• [WORK INSTRUCTIONS]
Search the entries below for "gout", and copy each line where it appears.

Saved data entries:
Lemma psi_gmul_Delta : gin t = gout t \/ cycle_through (gin t) (gout t) ->
  psi kappa (gmul t s) = psi kappa (gmul (Delta t) s).
Proof.
move=> t_Theta; rewrite psi_gmul_sum psi_gmul_Delta_sum.
rewrite (bigID (fun Q => pblock Q in_t == pblock Q out_t)) /= [X in _ + X]big1 ?addr0.
  apply: eq_bigl => Q; case: (pblock Q in_t =P pblock Q out_t) => [->|_]; last by rewrite !andbF.
  by rewrite andbT.
move=> Q /andP [/and3P [_ /eqP E_out_s /eqP E_in_s] sep].
case: t_Theta => [Eio|]; last exact: tau0_quot_separated.
by move: sep; rewrite /in_t /out_t Eio eqxx.
Qed.

End GmulDelta.

Unset Implicit Arguments. Set Strict Implicit.

Theorem corollary2p10
  (C : numClosedFieldType) (A : algType C) (phi : A -> C) (kappa : seq A -> C)
  (phi_lin : forall (c : C) (a b : A), phi (c *: a + b) = c * phi a + phi b)
  (phi_unit : phi 1 = 1)
  (phi_trace : forall a b : A, phi (a * b) = phi (b * a))
  (kappa_free : forall s : seq A,
     phi (\prod_(a <- s) a) =
     \sum_(P : {set {set 'I_(size s)}} |
             partition P [set: 'I_(size s)] && noncrossing P)
        \prod_(B in P) kappa [seq nth 0 s (val i) | i <- enum B])
  (t : gmono A)
  (t_wf : gm_wf t)
  (t_Theta : gin t = gout t \/ cycle_through (gin t) (gout t))
  (u : seq (C * gmono A))
  (u_wf : forall x, List.In x u -> gm_wf x.2) :
  psiB kappa (mulB [:: (1, t); (-1, Delta t)] u) = 0.
Proof.
rewrite /psiB /mulB /= cats0 big_cat !big_map /= -big_split /=.
elim: u u_wf => [|y u IH] u_wf; first by rewrite big_nil.
rewrite big_cons IH => [|x Hx]; last by apply: u_wf; right.
rewrite (psi_gmul_Delta kappa t_wf (u_wf y (or_introl erefl)) t_Theta).
by rewrite mul1r mulN1r mulNr addrN add0r.
Qed.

• [SOLUTION BELOW]
Lemma psi_gmul_Delta : gin t = gout t \/ cycle_through (gin t) (gout t) ->
  (t_Theta : gin t = gout t \/ cycle_through (gin t) (gout t))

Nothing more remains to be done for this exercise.